24. Sometime, somewhere we need to start. That's today, the dynamo. First, drilling holes using a .6mm.-drill. 



25. The drive belt is made out of brass sheet. Scribing a couple of times with a knife, then bending to and forth a couple of times to make the sheet break (clean cut).



26. Folding (pushing / pulling) using a folding knife. 



27. Bend a drive belt around small diameter drill, to be used on dynamo pulley. 



28. Drive wheel-curvature is achieved by means of a punch (punch&die-set). 



29. Bending patiently and carefully until the shape corresponds to the original. 



30. Measuring the distance between the two pulley axles before cutting off the old drive belt. 



31. Using balsa foam as a template: both attachment pins are pushed into the foam. This way I will know the required length of the drive belt. Should the balsa foam give any problems I still have the measured distance, see previous picture.
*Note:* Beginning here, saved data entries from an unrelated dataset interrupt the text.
(* checkpoints n_1 < n_2 < ... ; n_i is (c i.-1) *)
Definition checkpoints (c : nat -> nat) : Prop := forall i, (c i < c i.+1)%N.

Fixpoint drun Sigma (A : qautomaton Sigma) (w : oword Sigma)
    (psi : 'cV[R[i]]_(qa_dim A)) (c : nat -> nat) (n : nat) : 'cV[R[i]]_(qa_dim A) :=
  match n with
  | 0 => qa_s0 A
  | m.+1 => qa_U A (w m) *m
              (if pselect (exists i, c i = m) then psi else @drun Sigma A w psi c m)
  end.

Definition fD Sigma (A : qautomaton Sigma) (w : oword Sigma) : R :=
  sup [set x : R | exists (psi : 'cV[R[i]]_(qa_dim A)) (c : nat -> nat),
         [/\ in_F psi, unit_vec psi, checkpoints c &
             x = inf [set y : R | exists i : nat, y = sqmod (inner psi (@drun Sigma A w psi c (c i)))]]].

Definition langD Sigma (A : qautomaton Sigma) (lam : R) : set (oword Sigma) :=
  [set w | lam < fD A w].

Definition QBA_D (Sigma : finType) (lam : R) : set (set (oword Sigma)) :=
  [set L | exists A : qautomaton Sigma, L = langD A lam].

End QA.

Arguments QBA_D {R} Sigma lam _.
Arguments drun {R Sigma} A w psi c n.

(* If lam < f^D_A(w), keep a good disturbing run of A on w up to its first
   checkpoint and replace the rest of w by a^omega.  Since U_a is unitary on a
   finite-dimensional space, some power U_a^N (N > 0) brings psi back close to
   psi, so checkpoints every N steps keep every fidelity above lam: a language
   of L^{>lam}(QBA|D) containing w contains some w_{<m} a^omega.
   The two-state automaton [flipper j] (U_true swaps the basis vectors, U_false
   is the identity, F = span e_j) accepts every word ending in true^omega and
   rejects every word ending in false^omega whose undisturbed state is not e_j.
   So the intersection of [flipper 0] and [flipper 1] contains true^omega but
   no word ending in false^omega, and the complement of [flipper 0] contains
   true false^omega but no word ending in true^omega. *)

From HB Require Import structures.
From mathcomp Require Import all_boot all_order all_algebra fingroup perm.
From mathcomp Require Import boolp classical_sets reals.
From mathcomp.real_closed Require Import complex.
From mathcomp Require Import ring lra zify.
Import Order.TTheory GRing.Theory Num.Theory.
Local Open Scope complex_scope.
Local Open Scope ring_scope.
Local Open Scope classical_set_scope.
Set Implicit Arguments.
Unset Strict Implicit.
Unset Printing Implicit Defensive.

Section Hilbert.
Variable R : realType.
Local Notation C := R[i].

Definition sqnorm n (v : 'cV[C]_n) : R := \sum_(k < n) sqmod (v k 0).

Lemma sqmodE (z : C) : (sqmod z)%:C = z^* * z.
Proof.
case: z => a b; rewrite /sqmod /=.
by apply/eqP; rewrite eq_complex /=; apply/andP; split; apply/eqP; ring.
Qed.

Lemma sqmod_ge0 (z : C) : 0 <= sqmod z.
Proof. by rewrite /sqmod addr_ge0 ?sqr_ge0. Qed.

Lemma sqmodM (x y : C) : sqmod (x * y) = sqmod x * sqmod y.
Proof. by case: x => a b; case: y => c d; rewrite /sqmod /=; ring. Qed.

Lemma sqmod_conj (x : C) : sqmod x^* = sqmod x.
Proof. by case: x => a b; rewrite /sqmod /=; ring. Qed.

Lemma sqmod0 : sqmod (0 : C) = 0.
Proof. by rewrite /sqmod /=; ring. Qed.

Lemma sqmod1 : sqmod (1 : C) = 1.
Proof. by rewrite /sqmod /=; ring. Qed.

Lemma sqnorm_ge0 n (v : 'cV[C]_n) : 0 <= sqnorm v.
Proof. by apply: sumr_ge0 => k _; apply: sqmod_ge0. Qed.

Lemma sqmod_le_sqnorm n (v : 'cV[C]_n) k : sqmod (v k 0) <= sqnorm v.
Proof.
by rewrite /sqnorm (bigD1 k) //= lerDl; apply: sumr_ge0 => l _; apply: sqmod_ge0.
Qed.

Lemma innerE n (p v : 'cV[C]_n) : inner p v = \sum_(k < n) (p k 0)^* * v k 0.
Proof. by rewrite /inner /adj !mxE; apply: eq_bigr => k _; rewrite !mxE. Qed.

Lemma inner_sqnorm n (v : 'cV[C]_n) : inner v v = (sqnorm v)%:C.
Proof.
by rewrite innerE /sqnorm rmorph_sum; apply: eq_bigr => k _; rewrite -sqmodE.
Qed.

Lemma inner_conj n (p v : 'cV[C]_n) : inner v p = (inner p v)^*.
Proof.
rewrite !innerE rmorph_sum; apply: eq_bigr => k _.
by rewrite rmorphM /= conjCK mulrC.
Qed.

Lemma innerBr n (p v v' : 'cV[C]_n) : inner p (v - v') = inner p v - inner p v'.
Proof. by rewrite /inner mulmxBr !mxE. Qed.

Lemma innerZr n (p v : 'cV[C]_n) a : inner p (a *: v) = a * inner p v.
Proof. by rewrite /inner -scalemxAr !mxE. Qed.

Lemma innerBl n (p p' v : 'cV[C]_n) : inner (p - p') v = inner p v - inner p' v.
Proof. by rewrite (inner_conj v) innerBr rmorphB /= -!inner_conj. Qed.

Lemma innerZl n (p v : 'cV[C]_n) a : inner (a *: p) v = a^* * inner p v.
Proof. by rewrite (inner_conj v) innerZr rmorphM /= -!inner_conj. Qed.

Lemma adjM m n p (A : 'M[C]_(m, n)) (B : 'M[C]_(n, p)) :
  adj (A *m B) = adj B *m adj A.
Proof. by rewrite /adj map_mxM trmx_mul. Qed.

Lemma inner_unitary n (U : 'M[C]_n) p v :
  unitary U -> inner (U *m p) (U *m v) = inner p v.
Proof. by case=> _ UU; rewrite /inner adjM mulmxA -(mulmxA (adj p)) UU mulmx1. Qed.
(* Let $A:\mathbb{R}^d\rightrightarrows\mathbb{R}^d$ be maximal monotone with $A^{-1}(0)\neq\emptyset$, let $p\geq1$ be an integer, $\sigma\in(0,1)$, $\theta>0$, $x_0\in\mathbb{R}^d$, and suppose $\lambda_k>0$, $y_k,v_k,x_k\in\mathbb{R}^d$, $\epsilon_k\geq0$ satisfy for every $k\geq0$: $v_{k+1}\in A^{\epsilon_{k+1}}(y_{k+1})$, $\|\lambda_{k+1}v_{k+1}+y_{k+1}-x_k\|^2+2\lambda_{k+1}\epsilon_{k+1}\leq\sigma^2\|y_{k+1}-x_k\|^2$, $\lambda_{k+1}\|y_{k+1}-x_k\|^{p-1}\geq\theta$, and $x_{k+1}=x_k-\lambda_{k+1}v_{k+1}$. Then for every integer $k\geq1$, \[ \inf_{1\leq i\leq k}\sqrt{\lambda_i}\|v_i\|\leq\sqrt{\tfrac{1+\sigma}{1-\sigma}}\Big(\sum_{i=1}^k\lambda_i\Big)^{-\frac12}\inf_{z^\star\in A^{-1}(0)}\|x_0-z^\star\|, \] \[ \inf_{1\leq i\leq k}\epsilon_i\leq\frac{\sigma^2}{2(1-\sigma^2)}\Big(\sum_{i=1}^k\lambda_i\Big)^{-1}\inf_{z^\star\in A^{-1}(0)}\|x_0-z^\star\|^2. \]
   Context: The $\epsilon$-enlargement is $A^{\epsilon}(x)=\{v\in\mathbb{R}^d:\langle x-\tilde x,v-\tilde v\rangle\geq-\epsilon\ \forall\tilde x\in\mathbb{R}^d,\ \forall\tilde v\in A\tilde x\}$. *)

From HB Require Import structures.
From mathcomp Require Import all_boot all_order all_algebra.
From mathcomp Require Import boolp classical_sets reals.
Set Implicit Arguments. Unset Strict Implicit. Unset Printing Implicit Defensive.
Import Order.TTheory GRing.Theory Num.Theory.
Local Open Scope ring_scope.

Definition dotv (R : realType) (d : nat) (u w : 'rV[R]_d) : R :=
  \sum_(i < d) u 0 i * w 0 i.
Definition enorm (R : realType) (d : nat) (u : 'rV[R]_d) : R :=
  Num.sqrt (dotv u u).

(* A set-valued operator A : R^d ⇉ R^d, given by its graph: A x v <-> v ∈ A x *)
Definition setop (R : realType) (d : nat) := 'rV[R]_d -> 'rV[R]_d -> Prop.

Definition monotone (R : realType) (d : nat) (A : setop R d) : Prop :=
  forall x y u w, A x u -> A y w -> 0 <= dotv (x - y) (u - w).

Definition maximal_monotone (R : realType) (d : nat) (A : setop R d) : Prop :=
  monotone A /\
  forall B : setop R d, monotone B -> (forall x v, A x v -> B x v) ->
    forall x v, B x v -> A x v.

Definition enlargement (R : realType) (d : nat) (A : setop R d) (eps : R)
  (x v : 'rV[R]_d) : Prop :=
  forall xt vt, A xt vt -> dotv (x - xt) (v - vt) >= - eps.

(** For a zero [z] of [A], the enlargement inclusion gives
    [<y_{k+1} - z, v_{k+1}> >= - eps_{k+1}], which together with the relative
    error criterion makes [||x_k - z||^2] decrease by at least
    [(1 - sigma^2) ||y_{k+1} - x_k||^2]; hence these gaps sum to at most
    [||x_0 - z||^2 / (1 - sigma^2)].  The error criterion also bounds
    [lam_i^2 ||v_i||^2] by [(1 + sigma)^2] times the gap and [2 lam_i eps_i]
    by [sigma^2] times the gap, so the [lam]-weighted means of
    [lam_i ||v_i||^2] and of [eps_i] are bounded.  A minimum lies below any
    weighted mean, and the index attaining it does not depend on [z]. *)
From HB Require Import structures.
From mathcomp Require Import all_boot all_order all_algebra.
From mathcomp Require Import boolp classical_sets reals.
From mathcomp Require Import ring lra.
Set Implicit Arguments. Unset Strict Implicit. Unset Printing Implicit Defensive.
Import Order.TTheory GRing.Theory Num.Theory.
Local Open Scope ring_scope.
Local Open Scope classical_set_scope.

Section InnerProduct.
Variables (R : realType) (d : nat).
Implicit Types (u w z : 'rV[R]_d) (a s : R).

Lemma dotvC u w : dotv u w = dotv w u.
Proof. by apply: eq_bigr => i _; rewrite mulrC. Qed.

Lemma dotvDl u w z : dotv (u + w) z = dotv u z + dotv w z.
Proof. by rewrite /dotv -big_split; apply: eq_bigr => i _; rewrite mxE mulrDl. Qed.

Lemma dotvDr u w z : dotv z (u + w) = dotv z u + dotv z w.
Proof. by rewrite dotvC dotvDl !(dotvC z). Qed.

Lemma dotvZl a u w : dotv (a *: u) w = a * dotv u w.
Proof. by rewrite /dotv mulr_sumr; apply: eq_bigr => i _; rewrite mxE mulrA. Qed.

Lemma dotvZr a u w : dotv w (a *: u) = a * dotv w u.
Proof. by rewrite dotvC dotvZl dotvC. Qed.

Lemma dotvNl u w : dotv (- u) w = - dotv u w.
Proof. by rewrite -scaleN1r dotvZl mulN1r. Qed.

Lemma dotvNr u w : dotv w (- u) = - dotv w u.
Proof. by rewrite dotvC dotvNl dotvC. Qed.

Lemma dotv_ge0 u : 0 <= dotv u u.
Proof. by apply: sumr_ge0 => i _; rewrite -expr2 sqr_ge0. Qed.

Lemma enorm_sq u : enorm u ^+ 2 = dotv u u.
Proof. by rewrite /enorm sqr_sqrtr // dotv_ge0. Qed.

(* Expanding [0 <= dotv (w + s *: u) (w + s *: u)] suffices: no Cauchy-Schwarz. *)
Lemma dotv_ge_of_sq_le s u w : 0 < s ->
  dotv w w <= s ^+ 2 * dotv u u -> - (s * dotv u u) <= dotv w u.
Proof.
move=> s_gt0 le_wu; have := dotv_ge0 (w + s *: u).
rewrite !(dotvDl, dotvDr, dotvZl, dotvZr) (dotvC u w) => sq_ge0.
suff : s * - (s * dotv u u) <= s * dotv w u by rewrite ler_pM2l.
nra.
Qed.

End InnerProduct.

Ltac expand_dotv := rewrite ?(dotvDl, dotvDr, dotvNl, dotvNr, dotvZl, dotvZr).

Lemma relative_error_descent (R : realType) (d : nat) (lam eps s : R)
    (a b v : 'rV[R]_d) :
  0 < lam ->
  dotv (lam *: v + b) (lam *: v + b) + 2 * lam * eps <= s ^+ 2 * dotv b b ->
  - eps <= dotv (a + b) v ->
  (1 - s ^+ 2) * dotv b b <= dotv a a - dotv (a - lam *: v) (a - lam *: v).
Proof.
move=> lam_gt0; expand_dotv; rewrite (dotvC b v) (dotvC v a) => err enl.
have : 0 <= lam * (dotv a v + dotv v b + eps) by apply: mulr_ge0; lra.
nra.
Qed.

Lemma relative_error_residual (R : realType) (d : nat) (lam eps s : R)
    (b v : 'rV[R]_d) :
  0 < lam -> 0 < s -> 0 <= eps ->
  dotv (lam *: v + b) (lam *: v + b) + 2 * lam * eps <= s ^+ 2 * dotv b b ->
  lam ^+ 2 * dotv v v <= (1 + s) ^+ 2 * dotv b b.
Proof.
move=> lam_gt0 s_gt0 eps_ge0 err.
rewrite expr2 -mulrA -dotvZr -dotvZl -[lam *: v](addrK b).
move: (lam *: v + b) err => w err.
have le_w : dotv w w <= s ^+ 2 * dotv b b.
  by apply: le_trans _ err; rewrite lerDl !mulr_ge0 // ltW.
move: (dotv_ge_of_sq_le s_gt0 le_w); expand_dotv; rewrite (dotvC b w); nra.
Qed.

Section MinBelowMean.
Variable R : realType.

Lemma exists_argmin_nat (f : nat -> R) k : (1 <= k)%N ->
  exists2 i, (1 <= i <= k)%N & forall j, (1 <= j <= k)%N -> f i <= f j.
Proof.
case: k => // k _; elim: k => [|k [i ik min_i]].
  by exists 1%N => // j; rewrite -eqn_leq => /eqP <-.
have [le_ik | lt_ki] := leP (f i) (f k.+2).
- exists i; first by case/andP: ik => -> /leqW.
  move=> j /andP[j1]; rewrite leq_eqVlt ltnS => /predU1P[-> // | jk].
  by apply: min_i; rewrite j1.
- exists k.+2; first by rewrite leqnn.
  move=> j /andP[j1]; rewrite leq_eqVlt ltnS => /predU1P[-> // | jk].
  by apply: le_trans (ltW lt_ki) (min_i _ _); rewrite j1.
Qed.

Lemma exists_le_weighted_mean (f w : nat -> R) k : (1 <= k)%N ->
  (forall i, (1 <= i <= k)%N -> 0 <= w i) ->
  exists2 i, (1 <= i <= k)%N &
    f i * \sum_(1 <= j < k.+1) w j <= \sum_(1 <= j < k.+1) w j * f j.
Proof.
move=> k_ge1 w_ge0; have [i ik min_i] := exists_argmin_nat f k_ge1.
exists i => //; rewrite mulr_sumr; apply: ler_sum_nat => j jk.
by rewrite mulrC ler_wpM2l ?w_ge0 ?min_i.
Qed.

End MinBelowMean.

Lemma le_mul_inf (R : realType) (T : Type) (F : set T) (g : T -> R) (c t : R) :
  0 < c -> F !=set0 -> (forall z, F z -> t <= c * g z) ->
  t <= c * inf [set g z | z in F].
Proof.
move=> c_gt0 [z0 Fz0] le_t; rewrite -ler_pdivrMl //.
apply: lb_le_inf; first by exists (g z0), z0.
by move=> _ [z Fz <-]; rewrite ler_pdivrMl // le_t.
Qed.

Lemma sqrt_le_mul_div (R : realType) (a S C N : R) : 0 <= a -> 0 < S -> 0 <= C ->
  0 <= N -> a * S <= C * N ->
  Num.sqrt a <= Num.sqrt C * (Num.sqrt S)^-1 * Num.sqrt N.
Proof.
move=> a_ge0 S_gt0 C_ge0 N_ge0 le_aS.
by rewrite mulrAC ler_pdivlMr ?sqrtr_gt0 // -!sqrtrM // ler_sqrt // mulr_ge0.
Qed.

Section HPE.
Variables (R : realType) (d : nat) (A : setop R d) (sigma : R).
Variables (lam eps : nat -> R) (x y v : nat -> 'rV[R]_d).
Hypotheses (sigma_gt0 : 0 < sigma) (sigma_lt1 : sigma < 1).
Hypotheses (lam_gt0 : forall k, 0 < lam k.+1) (eps_ge0 : forall k, 0 <= eps k.+1).
Hypothesis v_enl : forall k, enlargement A (eps k.+1) (y k.+1) (v k.+1).
Hypothesis err : forall k, enorm (lam k.+1 *: v k.+1 + y k.+1 - x k) ^+ 2
                             + 2 * lam k.+1 * eps k.+1
                           <= sigma ^+ 2 * enorm (y k.+1 - x k) ^+ 2.
Hypothesis x_next : forall k, x k.+1 = x k - lam k.+1 *: v k.+1.

Local Notation gap k := (dotv (y k.+1 - x k) (y k.+1 - x k)).

Let err_dotv k : dotv (lam k.+1 *: v k.+1 + (y k.+1 - x k))
                      (lam k.+1 *: v k.+1 + (y k.+1 - x k))
                 + 2 * lam k.+1 * eps k.+1 <= sigma ^+ 2 * gap k.
Proof. by have := err k; rewrite !enorm_sq -addrA. Qed.

Lemma hpe_fejer z k : A z 0 ->
  (1 - sigma ^+ 2) * gap k
    <= dotv (x k - z) (x k - z) - dotv (x k.+1 - z) (x k.+1 - z).
Proof.
move=> Az; have := v_enl k Az; rewrite subr0 x_next.
have -> : y k.+1 - z = (x k - z) + (y k.+1 - x k) by rewrite [RHS]addrC addrA subrK.
rewrite [x k - _ - z]addrAC.
exact: relative_error_descent (lam_gt0 k) (err_dotv k).
Qed.

Lemma hpe_gap_sum z n : A z 0 ->
  (1 - sigma ^+ 2) * \sum_(0 <= i < n) gap i <= dotv (x 0%N - z) (x 0%N - z).
Proof.
move=> Az; rewrite mulr_sumr.
apply: le_trans (ler_sum_nat (fun i _ => hpe_fejer i Az)) _.
under eq_bigr do rewrite -opprB.
by rewrite sumrN telescope_sumr // opprB gerBl dotv_ge0.
Qed.

Lemma hpe_weighted_sum_le z (f : nat -> R) (c : R) k : A z 0 -> 0 <= c ->
  (forall i, f i.+1 <= c * gap i) ->
  \sum_(1 <= i < k.+1) f i <= c / (1 - sigma ^+ 2) * dotv (x 0%N - z) (x 0%N - z).
Proof.
move=> Az c_ge0 le_f; have q_gt0 : 0 < 1 - sigma ^+ 2 by move: sigma_gt0 sigma_lt1; nra.
rewrite big_add1 /=; apply: le_trans (ler_sum_nat (fun i _ => le_f i)) _.
rewrite -mulr_sumr -mulrA; apply: ler_wpM2l => //.
by rewrite ler_pdivlMl // hpe_gap_sum.
Qed.

Lemma hpe_weighted_residual z k : A z 0 ->
  \sum_(1 <= i < k.+1) lam i * (lam i * dotv (v i) (v i))
    <= (1 + sigma) / (1 - sigma) * dotv (x 0%N - z) (x 0%N - z).
Proof.
move=> Az; have -> : (1 + sigma) / (1 - sigma) = (1 + sigma) ^+ 2 / (1 - sigma ^+ 2).
  by field; apply/andP; split; apply/eqP; move: sigma_gt0 sigma_lt1; nra.
apply: hpe_weighted_sum_le => // [|i]; first exact: sqr_ge0.
rewrite mulrA -expr2.
exact: relative_error_residual (lam_gt0 i) sigma_gt0 (eps_ge0 i) (err_dotv i).
Qed.

Lemma hpe_weighted_eps z k : A z 0 ->
  \sum_(1 <= i < k.+1) lam i * eps i
    <= sigma ^+ 2 / (2 * (1 - sigma ^+ 2)) * dotv (x 0%N - z) (x 0%N - z).
Proof.
move=> Az; rewrite invfM mulrA.
apply: hpe_weighted_sum_le => // [|i]; first by rewrite divr_ge0 ?sqr_ge0.
have := err_dotv i; have := dotv_ge0 (lam i.+1 *: v i.+1 + (y i.+1 - x i)); lra.
Qed.

End HPE.

Theorem lemma4p2 (R : realType) (d : nat) (A : setop R d)
  (p : nat) (sigma theta : R)
  (lam eps : nat -> R) (x y v : nat -> 'rV[R]_d) :
  maximal_monotone A ->
  (exists z : 'rV[R]_d, A z 0) ->
  (1 <= p)%N ->
  0 < sigma -> sigma < 1 -> 0 < theta ->
  (forall k, 0 < lam k.+1) ->
  (forall k, 0 <= eps k.+1) ->
  (forall k, enlargement A (eps k.+1) (y k.+1) (v k.+1)) ->
  (forall k, enorm (lam k.+1 *: v k.+1 + y k.+1 - x k) ^+ 2
               + 2 * lam k.+1 * eps k.+1
             <= sigma ^+ 2 * enorm (y k.+1 - x k) ^+ 2) ->
  (forall k, lam k.+1 * enorm (y k.+1 - x k) ^+ (p - 1) >= theta) ->
  (forall k, x k.+1 = x k - lam k.+1 *: v k.+1) ->
  forall k : nat, (1 <= k)%N ->
    (exists2 i : nat, (1 <= i <= k)%N &
       Num.sqrt (lam i) * enorm (v i)
       <= Num.sqrt ((1 + sigma) / (1 - sigma))
          * (Num.sqrt (\sum_(1 <= i < k.+1) lam i))^-1
          * inf [set enorm (x 0%N - z) | z in [set z | A z 0]])
    /\
    (exists2 i : nat, (1 <= i <= k)%N &
       eps i
       <= sigma ^+ 2 / (2 * (1 - sigma ^+ 2))
          * (\sum_(1 <= i < k.+1) lam i)^-1
          * inf [set enorm (x 0%N - z) ^+ 2 | z in [set z | A z 0]]).
Proof.
move=> _ zeros_ne _ sigma_gt0 sigma_lt1 _ lam_gt0 eps_ge0 v_enl err _ x_next k k_ge1.
have lam_ge0 i : (1 <= i <= k)%N -> 0 <= lam i by case: i => // i _; apply/ltW.
have S_gt0 : 0 < \sum_(1 <= i < k.+1) lam i.
  have : 0 <= \sum_(1 <= i < k) lam i.+1 by apply: sumr_ge0 => i _; apply/ltW.
  by rewrite big_nat_recl //; have := lam_gt0 0%N; lra.
have q_gt0 : 0 < 1 - sigma by lra.
split.
- have [i ik le_i] := exists_le_weighted_mean (fun i => lam i * dotv (v i) (v i))
                                             k_ge1 lam_ge0.
  exists i => //; apply: le_mul_inf => // [|z Az].
    by rewrite mulr_gt0 ?invr_gt0 ?sqrtr_gt0 ?divr_gt0 //; lra.
  rewrite /enorm -sqrtrM ?lam_ge0 //; apply: sqrt_le_mul_div.
  + by rewrite mulr_ge0 ?lam_ge0 ?dotv_ge0.
  + exact: S_gt0.
  + by rewrite divr_ge0 //; lra.
  + exact: dotv_ge0.
  + apply: le_trans le_i _.
    exact: hpe_weighted_residual sigma_gt0 sigma_lt1 lam_gt0 eps_ge0 v_enl err x_next _ _ Az.
- have [i ik le_i] := exists_le_weighted_mean eps k_ge1 lam_ge0.
  exists i => //; apply: le_mul_inf => // [|z Az].
    by rewrite mulr_gt0 ?invr_gt0 ?divr_gt0 //; nra.
  rewrite enorm_sq mulrAC ler_pdivlMr //; apply: le_trans le_i _.
  exact: hpe_weighted_eps sigma_gt0 sigma_lt1 lam_gt0 v_enl err x_next _ _ Az.
Qed.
32. As a replacement dynamo-pulley I used a 'nut on a washer 1,4mm.' by Masterclub (MC435078). Tamiya's nut is too small and doesn't have detail whereas Masterclub's item closely resembles the situation as found on the only reference picture I have of this pulley. 


The drive belt will be airbrushed separately after which pulley and drive wheel will be glued to the drive belt using brown Gator Glue. The lower part, including micro-marriage of the two messing strip ends, will be completely out of sight after finishing the model.  



Spent time: 6 hours (build) + 13 hours (study)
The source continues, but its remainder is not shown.